=== YOUR TASK ===
Lines below starting with the line with "Proof. intros [Hcover" and going on through the line with "destruct (Hcover y) as [Uy | Wy]; auto." must be output exactly; the rest of the records must be left out.

-*-

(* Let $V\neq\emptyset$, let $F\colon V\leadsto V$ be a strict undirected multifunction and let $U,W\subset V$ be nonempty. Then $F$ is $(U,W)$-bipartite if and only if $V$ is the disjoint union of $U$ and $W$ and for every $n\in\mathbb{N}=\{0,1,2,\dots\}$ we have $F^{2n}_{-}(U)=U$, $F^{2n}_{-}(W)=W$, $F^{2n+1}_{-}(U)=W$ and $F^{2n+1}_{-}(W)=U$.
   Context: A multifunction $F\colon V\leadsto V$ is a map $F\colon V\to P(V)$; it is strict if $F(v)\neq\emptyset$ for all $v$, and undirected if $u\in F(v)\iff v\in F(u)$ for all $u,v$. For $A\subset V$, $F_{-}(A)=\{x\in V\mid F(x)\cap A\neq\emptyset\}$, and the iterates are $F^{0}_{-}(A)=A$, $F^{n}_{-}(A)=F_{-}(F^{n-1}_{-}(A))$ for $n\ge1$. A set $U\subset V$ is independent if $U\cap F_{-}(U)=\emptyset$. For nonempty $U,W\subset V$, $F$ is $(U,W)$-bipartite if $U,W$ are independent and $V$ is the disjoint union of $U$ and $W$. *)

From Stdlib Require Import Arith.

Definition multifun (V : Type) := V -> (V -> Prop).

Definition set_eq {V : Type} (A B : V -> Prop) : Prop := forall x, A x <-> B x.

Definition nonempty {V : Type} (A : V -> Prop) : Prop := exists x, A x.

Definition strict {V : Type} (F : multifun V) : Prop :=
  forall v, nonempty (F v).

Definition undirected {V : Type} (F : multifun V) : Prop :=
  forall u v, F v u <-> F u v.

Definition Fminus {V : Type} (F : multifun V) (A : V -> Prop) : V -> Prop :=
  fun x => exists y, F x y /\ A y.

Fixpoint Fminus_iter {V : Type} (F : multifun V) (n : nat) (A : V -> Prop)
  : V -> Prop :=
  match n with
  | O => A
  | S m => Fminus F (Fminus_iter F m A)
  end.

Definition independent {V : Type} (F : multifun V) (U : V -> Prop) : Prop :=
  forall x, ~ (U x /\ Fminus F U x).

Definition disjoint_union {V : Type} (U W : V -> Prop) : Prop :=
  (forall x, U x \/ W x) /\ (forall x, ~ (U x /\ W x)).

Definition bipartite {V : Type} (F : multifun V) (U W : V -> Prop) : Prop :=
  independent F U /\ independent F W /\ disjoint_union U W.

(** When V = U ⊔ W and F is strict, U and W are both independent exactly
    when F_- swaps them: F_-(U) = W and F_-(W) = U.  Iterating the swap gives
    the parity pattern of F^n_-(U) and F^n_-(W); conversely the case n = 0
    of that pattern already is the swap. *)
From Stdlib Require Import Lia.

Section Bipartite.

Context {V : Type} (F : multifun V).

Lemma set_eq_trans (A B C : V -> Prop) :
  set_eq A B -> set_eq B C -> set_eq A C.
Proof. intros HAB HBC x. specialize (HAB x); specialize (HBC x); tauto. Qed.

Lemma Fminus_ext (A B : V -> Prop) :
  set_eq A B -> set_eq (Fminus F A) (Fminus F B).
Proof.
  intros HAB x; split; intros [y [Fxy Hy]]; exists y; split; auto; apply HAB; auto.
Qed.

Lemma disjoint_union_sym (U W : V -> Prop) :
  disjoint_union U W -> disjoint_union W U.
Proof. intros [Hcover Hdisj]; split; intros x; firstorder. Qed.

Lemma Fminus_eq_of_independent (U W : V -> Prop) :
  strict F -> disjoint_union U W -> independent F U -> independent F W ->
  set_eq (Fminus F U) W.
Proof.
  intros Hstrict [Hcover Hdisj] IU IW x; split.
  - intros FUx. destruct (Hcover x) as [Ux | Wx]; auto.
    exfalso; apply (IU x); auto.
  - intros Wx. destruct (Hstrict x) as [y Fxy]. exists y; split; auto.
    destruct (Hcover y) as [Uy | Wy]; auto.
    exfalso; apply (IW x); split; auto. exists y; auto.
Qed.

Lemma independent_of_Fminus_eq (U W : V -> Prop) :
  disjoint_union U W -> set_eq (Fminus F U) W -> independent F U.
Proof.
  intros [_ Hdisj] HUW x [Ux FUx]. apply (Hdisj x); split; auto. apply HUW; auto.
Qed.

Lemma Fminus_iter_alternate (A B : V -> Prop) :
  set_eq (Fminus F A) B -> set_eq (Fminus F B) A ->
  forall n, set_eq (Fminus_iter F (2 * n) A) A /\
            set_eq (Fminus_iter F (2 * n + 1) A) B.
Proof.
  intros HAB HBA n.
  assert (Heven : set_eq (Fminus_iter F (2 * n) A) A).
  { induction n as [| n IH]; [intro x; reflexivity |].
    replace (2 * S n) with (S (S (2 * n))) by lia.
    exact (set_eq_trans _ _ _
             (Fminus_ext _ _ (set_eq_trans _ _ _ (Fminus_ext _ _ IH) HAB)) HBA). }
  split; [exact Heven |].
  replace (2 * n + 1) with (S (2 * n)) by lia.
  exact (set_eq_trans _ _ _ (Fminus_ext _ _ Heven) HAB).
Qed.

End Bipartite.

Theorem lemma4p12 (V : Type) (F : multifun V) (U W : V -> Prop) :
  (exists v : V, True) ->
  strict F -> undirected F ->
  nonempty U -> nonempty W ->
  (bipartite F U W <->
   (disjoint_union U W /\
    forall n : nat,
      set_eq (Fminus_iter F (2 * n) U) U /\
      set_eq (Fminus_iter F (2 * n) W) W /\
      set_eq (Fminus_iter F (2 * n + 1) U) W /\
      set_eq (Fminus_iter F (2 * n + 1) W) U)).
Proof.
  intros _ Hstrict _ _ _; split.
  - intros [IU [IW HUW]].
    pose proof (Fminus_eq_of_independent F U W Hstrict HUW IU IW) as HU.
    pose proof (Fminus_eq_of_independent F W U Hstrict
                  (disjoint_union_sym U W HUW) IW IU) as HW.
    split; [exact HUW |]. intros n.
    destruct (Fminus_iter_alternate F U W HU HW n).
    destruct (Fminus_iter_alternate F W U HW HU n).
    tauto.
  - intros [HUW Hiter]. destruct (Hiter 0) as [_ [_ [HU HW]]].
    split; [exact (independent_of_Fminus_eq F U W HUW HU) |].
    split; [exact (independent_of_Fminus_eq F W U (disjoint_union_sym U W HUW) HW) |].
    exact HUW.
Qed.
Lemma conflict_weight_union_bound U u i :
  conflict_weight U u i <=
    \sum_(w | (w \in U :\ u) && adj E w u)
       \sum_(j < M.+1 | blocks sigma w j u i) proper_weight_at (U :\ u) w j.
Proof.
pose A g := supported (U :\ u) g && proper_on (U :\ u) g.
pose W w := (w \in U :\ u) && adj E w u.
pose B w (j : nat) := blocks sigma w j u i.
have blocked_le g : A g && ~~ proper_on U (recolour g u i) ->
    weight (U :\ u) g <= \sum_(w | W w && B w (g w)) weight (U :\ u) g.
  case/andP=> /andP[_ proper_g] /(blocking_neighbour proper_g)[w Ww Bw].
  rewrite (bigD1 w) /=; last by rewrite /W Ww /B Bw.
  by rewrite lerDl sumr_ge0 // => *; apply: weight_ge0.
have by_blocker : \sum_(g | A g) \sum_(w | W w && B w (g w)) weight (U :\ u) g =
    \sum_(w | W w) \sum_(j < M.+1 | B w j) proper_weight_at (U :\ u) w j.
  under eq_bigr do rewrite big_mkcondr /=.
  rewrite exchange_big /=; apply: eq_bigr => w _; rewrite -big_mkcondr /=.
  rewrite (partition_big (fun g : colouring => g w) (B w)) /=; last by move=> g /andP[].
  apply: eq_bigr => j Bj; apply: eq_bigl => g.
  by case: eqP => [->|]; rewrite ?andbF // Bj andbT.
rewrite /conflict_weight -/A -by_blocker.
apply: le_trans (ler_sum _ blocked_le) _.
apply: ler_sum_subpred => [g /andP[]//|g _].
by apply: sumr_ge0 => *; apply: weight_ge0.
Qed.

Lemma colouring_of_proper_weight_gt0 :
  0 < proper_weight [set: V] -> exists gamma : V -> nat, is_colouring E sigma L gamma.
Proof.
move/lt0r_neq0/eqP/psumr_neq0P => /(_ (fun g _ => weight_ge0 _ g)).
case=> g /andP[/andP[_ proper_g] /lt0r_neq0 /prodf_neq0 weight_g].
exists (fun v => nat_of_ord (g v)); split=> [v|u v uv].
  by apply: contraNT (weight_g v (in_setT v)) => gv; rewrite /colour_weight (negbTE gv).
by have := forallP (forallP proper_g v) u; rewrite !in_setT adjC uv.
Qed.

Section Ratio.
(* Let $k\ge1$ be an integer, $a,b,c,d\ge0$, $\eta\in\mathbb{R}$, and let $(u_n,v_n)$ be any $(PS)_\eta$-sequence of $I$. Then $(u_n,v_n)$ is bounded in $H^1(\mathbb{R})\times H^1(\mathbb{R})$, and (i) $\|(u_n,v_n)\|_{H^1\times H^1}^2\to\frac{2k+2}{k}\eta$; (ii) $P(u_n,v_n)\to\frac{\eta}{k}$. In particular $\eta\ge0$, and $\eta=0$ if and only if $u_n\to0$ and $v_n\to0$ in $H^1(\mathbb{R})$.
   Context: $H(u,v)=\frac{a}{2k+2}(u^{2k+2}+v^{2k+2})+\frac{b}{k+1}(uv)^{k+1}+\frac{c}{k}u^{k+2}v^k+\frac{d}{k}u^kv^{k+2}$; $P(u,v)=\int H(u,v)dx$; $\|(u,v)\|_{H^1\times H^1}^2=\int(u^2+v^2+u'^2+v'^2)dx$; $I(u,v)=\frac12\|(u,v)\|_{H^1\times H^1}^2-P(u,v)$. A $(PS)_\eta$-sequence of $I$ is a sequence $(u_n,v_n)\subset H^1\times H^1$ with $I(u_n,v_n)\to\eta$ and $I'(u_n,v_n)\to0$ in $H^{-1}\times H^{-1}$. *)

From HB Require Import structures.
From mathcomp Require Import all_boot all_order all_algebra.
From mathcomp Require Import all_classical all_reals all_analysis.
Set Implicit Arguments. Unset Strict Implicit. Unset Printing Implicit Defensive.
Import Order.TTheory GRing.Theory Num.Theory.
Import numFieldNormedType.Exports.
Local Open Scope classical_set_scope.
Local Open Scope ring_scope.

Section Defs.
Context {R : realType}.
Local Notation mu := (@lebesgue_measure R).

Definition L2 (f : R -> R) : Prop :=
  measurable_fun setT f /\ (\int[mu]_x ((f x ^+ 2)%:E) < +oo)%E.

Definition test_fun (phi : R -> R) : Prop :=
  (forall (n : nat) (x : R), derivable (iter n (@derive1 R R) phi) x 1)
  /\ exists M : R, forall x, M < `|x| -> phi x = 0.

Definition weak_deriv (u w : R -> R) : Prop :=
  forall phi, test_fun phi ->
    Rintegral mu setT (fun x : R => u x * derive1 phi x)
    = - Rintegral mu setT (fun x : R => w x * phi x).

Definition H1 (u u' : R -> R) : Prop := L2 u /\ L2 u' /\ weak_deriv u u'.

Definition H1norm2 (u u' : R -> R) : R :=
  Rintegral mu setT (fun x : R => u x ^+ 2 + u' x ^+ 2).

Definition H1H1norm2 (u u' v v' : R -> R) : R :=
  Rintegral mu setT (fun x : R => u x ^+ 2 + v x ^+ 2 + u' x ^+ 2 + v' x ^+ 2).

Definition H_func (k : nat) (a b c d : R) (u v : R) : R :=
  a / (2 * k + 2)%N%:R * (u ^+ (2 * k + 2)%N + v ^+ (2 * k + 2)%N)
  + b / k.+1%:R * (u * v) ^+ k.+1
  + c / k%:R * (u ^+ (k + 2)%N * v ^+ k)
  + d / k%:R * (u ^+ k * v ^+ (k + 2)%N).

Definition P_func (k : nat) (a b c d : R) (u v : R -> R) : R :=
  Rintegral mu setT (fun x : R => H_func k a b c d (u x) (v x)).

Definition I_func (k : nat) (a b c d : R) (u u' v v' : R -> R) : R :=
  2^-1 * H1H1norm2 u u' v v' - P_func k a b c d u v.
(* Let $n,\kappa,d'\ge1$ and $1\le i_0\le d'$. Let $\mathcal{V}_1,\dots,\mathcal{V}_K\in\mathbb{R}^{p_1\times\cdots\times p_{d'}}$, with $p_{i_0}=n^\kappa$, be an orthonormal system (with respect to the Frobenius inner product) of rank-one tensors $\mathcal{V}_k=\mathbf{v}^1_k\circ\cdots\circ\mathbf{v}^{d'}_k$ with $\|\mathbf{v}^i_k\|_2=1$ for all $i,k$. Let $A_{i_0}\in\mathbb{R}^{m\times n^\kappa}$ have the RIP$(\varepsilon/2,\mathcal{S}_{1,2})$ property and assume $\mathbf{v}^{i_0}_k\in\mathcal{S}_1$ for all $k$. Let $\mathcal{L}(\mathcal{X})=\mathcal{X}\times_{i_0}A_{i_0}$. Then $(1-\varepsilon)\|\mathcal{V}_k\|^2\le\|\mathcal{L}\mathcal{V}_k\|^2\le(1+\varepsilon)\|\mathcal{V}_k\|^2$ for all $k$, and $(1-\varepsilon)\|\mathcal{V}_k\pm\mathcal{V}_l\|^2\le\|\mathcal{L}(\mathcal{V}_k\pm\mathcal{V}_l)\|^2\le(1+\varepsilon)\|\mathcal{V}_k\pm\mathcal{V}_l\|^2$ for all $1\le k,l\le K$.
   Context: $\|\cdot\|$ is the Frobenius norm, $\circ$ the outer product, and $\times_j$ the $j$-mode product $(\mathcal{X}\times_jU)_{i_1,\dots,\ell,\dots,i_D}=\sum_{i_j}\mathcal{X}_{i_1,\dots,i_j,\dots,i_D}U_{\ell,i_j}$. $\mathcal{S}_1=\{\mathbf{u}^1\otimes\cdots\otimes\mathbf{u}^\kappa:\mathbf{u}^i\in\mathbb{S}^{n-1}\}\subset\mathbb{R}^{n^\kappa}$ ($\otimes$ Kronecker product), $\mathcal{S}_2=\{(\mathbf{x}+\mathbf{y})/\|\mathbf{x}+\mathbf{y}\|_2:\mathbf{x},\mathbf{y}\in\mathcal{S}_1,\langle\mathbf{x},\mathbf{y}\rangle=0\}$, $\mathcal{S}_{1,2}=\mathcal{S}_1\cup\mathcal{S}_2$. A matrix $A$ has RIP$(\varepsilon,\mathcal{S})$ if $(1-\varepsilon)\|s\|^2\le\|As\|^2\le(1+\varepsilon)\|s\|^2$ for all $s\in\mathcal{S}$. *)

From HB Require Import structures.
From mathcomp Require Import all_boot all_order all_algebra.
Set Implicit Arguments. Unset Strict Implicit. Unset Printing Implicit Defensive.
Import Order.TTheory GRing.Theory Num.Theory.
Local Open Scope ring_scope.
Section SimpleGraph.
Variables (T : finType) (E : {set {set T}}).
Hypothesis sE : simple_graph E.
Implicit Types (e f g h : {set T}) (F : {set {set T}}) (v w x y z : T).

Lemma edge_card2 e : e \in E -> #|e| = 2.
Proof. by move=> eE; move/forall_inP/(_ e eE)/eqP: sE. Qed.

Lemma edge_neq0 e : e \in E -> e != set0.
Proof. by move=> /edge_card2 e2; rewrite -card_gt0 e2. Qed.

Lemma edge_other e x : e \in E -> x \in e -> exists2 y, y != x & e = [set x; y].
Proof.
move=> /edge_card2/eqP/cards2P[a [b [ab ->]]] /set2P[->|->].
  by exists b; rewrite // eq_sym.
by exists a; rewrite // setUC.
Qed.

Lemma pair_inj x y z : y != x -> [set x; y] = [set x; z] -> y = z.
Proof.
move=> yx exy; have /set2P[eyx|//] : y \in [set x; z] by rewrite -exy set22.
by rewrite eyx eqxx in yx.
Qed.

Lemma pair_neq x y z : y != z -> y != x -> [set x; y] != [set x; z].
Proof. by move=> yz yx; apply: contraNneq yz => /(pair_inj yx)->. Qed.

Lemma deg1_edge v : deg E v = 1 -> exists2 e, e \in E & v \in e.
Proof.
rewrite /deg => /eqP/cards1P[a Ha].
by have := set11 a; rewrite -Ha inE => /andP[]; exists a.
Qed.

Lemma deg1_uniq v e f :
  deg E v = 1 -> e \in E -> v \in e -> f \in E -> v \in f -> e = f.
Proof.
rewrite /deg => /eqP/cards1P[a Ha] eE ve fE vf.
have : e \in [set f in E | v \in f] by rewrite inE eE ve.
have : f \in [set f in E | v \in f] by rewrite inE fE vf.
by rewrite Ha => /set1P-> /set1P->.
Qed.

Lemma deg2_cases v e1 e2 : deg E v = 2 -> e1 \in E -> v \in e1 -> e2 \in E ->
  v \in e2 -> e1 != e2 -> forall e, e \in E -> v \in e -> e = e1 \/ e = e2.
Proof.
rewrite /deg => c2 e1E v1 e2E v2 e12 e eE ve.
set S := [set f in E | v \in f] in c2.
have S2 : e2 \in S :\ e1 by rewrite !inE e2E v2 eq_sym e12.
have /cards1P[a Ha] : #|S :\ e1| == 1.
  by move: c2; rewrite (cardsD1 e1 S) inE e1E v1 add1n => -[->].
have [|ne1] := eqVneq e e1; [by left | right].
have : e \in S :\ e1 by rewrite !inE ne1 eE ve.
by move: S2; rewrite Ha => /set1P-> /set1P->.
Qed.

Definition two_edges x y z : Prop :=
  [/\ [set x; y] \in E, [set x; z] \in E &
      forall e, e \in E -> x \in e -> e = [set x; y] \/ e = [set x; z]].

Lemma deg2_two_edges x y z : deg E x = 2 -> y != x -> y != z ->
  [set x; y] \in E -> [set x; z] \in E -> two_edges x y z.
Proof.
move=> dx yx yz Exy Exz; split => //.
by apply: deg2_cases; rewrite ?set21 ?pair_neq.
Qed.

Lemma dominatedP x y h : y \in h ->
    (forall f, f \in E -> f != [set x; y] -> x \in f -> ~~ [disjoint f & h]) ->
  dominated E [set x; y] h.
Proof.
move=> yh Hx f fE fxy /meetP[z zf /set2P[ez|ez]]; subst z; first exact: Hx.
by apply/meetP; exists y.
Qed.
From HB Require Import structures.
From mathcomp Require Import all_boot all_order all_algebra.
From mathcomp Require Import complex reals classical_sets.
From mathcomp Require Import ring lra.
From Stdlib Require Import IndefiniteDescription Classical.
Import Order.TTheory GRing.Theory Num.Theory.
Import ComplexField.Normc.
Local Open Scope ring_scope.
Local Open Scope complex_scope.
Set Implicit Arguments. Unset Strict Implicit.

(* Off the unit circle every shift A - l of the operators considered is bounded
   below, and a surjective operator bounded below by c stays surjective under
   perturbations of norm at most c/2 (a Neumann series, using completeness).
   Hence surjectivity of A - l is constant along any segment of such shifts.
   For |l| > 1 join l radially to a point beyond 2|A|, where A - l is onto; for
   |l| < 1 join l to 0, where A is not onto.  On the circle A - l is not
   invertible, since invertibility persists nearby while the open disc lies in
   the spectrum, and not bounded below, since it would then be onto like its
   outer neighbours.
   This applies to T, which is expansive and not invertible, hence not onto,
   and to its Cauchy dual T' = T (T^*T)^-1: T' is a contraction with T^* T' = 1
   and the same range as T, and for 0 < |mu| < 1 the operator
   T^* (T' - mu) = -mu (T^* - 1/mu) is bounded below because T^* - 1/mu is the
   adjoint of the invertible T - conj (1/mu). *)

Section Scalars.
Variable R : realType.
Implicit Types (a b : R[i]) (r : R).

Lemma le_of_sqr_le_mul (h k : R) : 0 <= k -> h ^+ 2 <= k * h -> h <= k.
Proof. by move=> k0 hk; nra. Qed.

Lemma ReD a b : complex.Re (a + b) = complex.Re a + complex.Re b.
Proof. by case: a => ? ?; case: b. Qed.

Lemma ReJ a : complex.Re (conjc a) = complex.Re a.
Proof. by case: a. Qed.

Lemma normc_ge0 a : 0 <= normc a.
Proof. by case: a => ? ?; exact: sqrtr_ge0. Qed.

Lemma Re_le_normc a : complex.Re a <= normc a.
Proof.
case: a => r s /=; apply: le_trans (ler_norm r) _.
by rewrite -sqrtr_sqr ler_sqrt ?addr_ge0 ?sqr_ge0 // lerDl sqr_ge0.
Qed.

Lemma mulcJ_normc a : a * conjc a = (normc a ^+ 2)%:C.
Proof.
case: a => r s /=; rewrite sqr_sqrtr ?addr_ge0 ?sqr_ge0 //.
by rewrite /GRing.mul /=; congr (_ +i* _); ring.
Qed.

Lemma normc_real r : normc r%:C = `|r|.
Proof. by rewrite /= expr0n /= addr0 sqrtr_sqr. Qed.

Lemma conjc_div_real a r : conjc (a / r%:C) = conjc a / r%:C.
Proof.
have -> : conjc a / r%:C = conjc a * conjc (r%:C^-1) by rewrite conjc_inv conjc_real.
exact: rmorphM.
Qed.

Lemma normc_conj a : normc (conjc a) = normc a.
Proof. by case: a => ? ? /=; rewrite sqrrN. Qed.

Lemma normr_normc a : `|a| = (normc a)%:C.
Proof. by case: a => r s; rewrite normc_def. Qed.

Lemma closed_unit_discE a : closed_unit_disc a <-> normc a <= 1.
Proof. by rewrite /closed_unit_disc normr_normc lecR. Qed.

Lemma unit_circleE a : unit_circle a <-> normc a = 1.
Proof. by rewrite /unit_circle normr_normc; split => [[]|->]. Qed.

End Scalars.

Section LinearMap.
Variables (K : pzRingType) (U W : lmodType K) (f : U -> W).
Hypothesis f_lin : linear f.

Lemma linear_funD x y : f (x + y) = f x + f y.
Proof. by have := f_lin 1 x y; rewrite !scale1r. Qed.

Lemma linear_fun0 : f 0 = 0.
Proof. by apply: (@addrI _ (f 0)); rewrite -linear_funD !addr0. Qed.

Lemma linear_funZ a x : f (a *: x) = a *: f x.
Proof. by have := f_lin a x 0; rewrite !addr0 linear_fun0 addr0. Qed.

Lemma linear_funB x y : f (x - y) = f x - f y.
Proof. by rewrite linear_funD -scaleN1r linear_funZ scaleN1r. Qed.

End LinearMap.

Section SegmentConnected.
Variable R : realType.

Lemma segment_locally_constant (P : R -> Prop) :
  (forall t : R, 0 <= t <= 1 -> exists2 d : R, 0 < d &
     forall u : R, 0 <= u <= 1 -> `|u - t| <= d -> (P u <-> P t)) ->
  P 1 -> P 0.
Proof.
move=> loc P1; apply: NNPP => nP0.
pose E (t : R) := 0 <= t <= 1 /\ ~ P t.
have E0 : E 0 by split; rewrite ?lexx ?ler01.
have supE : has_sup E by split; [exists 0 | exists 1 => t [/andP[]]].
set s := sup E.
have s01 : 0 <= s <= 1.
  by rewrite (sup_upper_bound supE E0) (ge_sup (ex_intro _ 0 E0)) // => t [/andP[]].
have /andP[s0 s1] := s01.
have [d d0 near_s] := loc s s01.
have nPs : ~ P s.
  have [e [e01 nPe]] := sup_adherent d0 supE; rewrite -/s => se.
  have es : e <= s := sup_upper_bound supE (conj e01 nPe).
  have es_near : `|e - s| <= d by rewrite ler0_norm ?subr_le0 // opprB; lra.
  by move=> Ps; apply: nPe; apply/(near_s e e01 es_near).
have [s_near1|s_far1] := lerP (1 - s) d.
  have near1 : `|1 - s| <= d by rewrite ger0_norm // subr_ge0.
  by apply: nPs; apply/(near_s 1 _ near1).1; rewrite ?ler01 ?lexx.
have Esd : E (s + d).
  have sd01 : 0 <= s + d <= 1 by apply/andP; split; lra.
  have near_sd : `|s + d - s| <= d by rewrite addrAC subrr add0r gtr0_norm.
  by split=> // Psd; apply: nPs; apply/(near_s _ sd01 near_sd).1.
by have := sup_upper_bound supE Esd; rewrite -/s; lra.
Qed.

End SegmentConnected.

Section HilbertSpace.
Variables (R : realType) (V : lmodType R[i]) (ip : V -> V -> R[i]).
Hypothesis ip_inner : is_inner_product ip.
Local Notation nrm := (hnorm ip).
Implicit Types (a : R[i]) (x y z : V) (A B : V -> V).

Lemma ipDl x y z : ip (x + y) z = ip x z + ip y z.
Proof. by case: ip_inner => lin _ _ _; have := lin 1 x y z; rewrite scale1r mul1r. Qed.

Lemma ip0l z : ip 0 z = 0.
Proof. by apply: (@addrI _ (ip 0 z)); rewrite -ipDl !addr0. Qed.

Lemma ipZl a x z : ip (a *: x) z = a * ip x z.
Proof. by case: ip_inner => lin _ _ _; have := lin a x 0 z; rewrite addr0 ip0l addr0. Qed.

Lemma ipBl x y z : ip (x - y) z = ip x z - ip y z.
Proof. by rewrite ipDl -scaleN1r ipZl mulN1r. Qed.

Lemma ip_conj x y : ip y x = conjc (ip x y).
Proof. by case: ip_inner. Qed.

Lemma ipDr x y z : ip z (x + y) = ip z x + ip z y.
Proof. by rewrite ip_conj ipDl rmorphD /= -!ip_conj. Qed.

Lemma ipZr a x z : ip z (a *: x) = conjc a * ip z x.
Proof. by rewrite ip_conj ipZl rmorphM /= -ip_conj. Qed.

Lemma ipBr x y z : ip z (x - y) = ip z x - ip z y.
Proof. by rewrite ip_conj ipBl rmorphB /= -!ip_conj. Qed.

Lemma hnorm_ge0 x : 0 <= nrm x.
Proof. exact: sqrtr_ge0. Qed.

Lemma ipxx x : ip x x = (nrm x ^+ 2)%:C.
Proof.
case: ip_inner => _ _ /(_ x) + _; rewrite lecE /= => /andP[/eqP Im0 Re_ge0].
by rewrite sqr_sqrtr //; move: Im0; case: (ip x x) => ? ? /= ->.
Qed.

-*-

=== EXERCISE SOLUTION ===
Proof. intros [Hcover Hdisj]; split; intros x; firstorder. Qed.

Lemma Fminus_eq_of_independent (U W : V -> Prop) :
  strict F -> disjoint_union U W -> independent F U -> independent F W ->
  set_eq (Fminus F U) W.
Proof.
  intros Hstrict [Hcover Hdisj] IU IW x; split.
  - intros FUx. destruct (Hcover x) as [Ux | Wx]; auto.
    exfalso; apply (IU x); auto.
  - intros Wx. destruct (Hstrict x) as [y Fxy]. exists y; split; auto.
    destruct (Hcover y) as [Uy | Wy]; auto.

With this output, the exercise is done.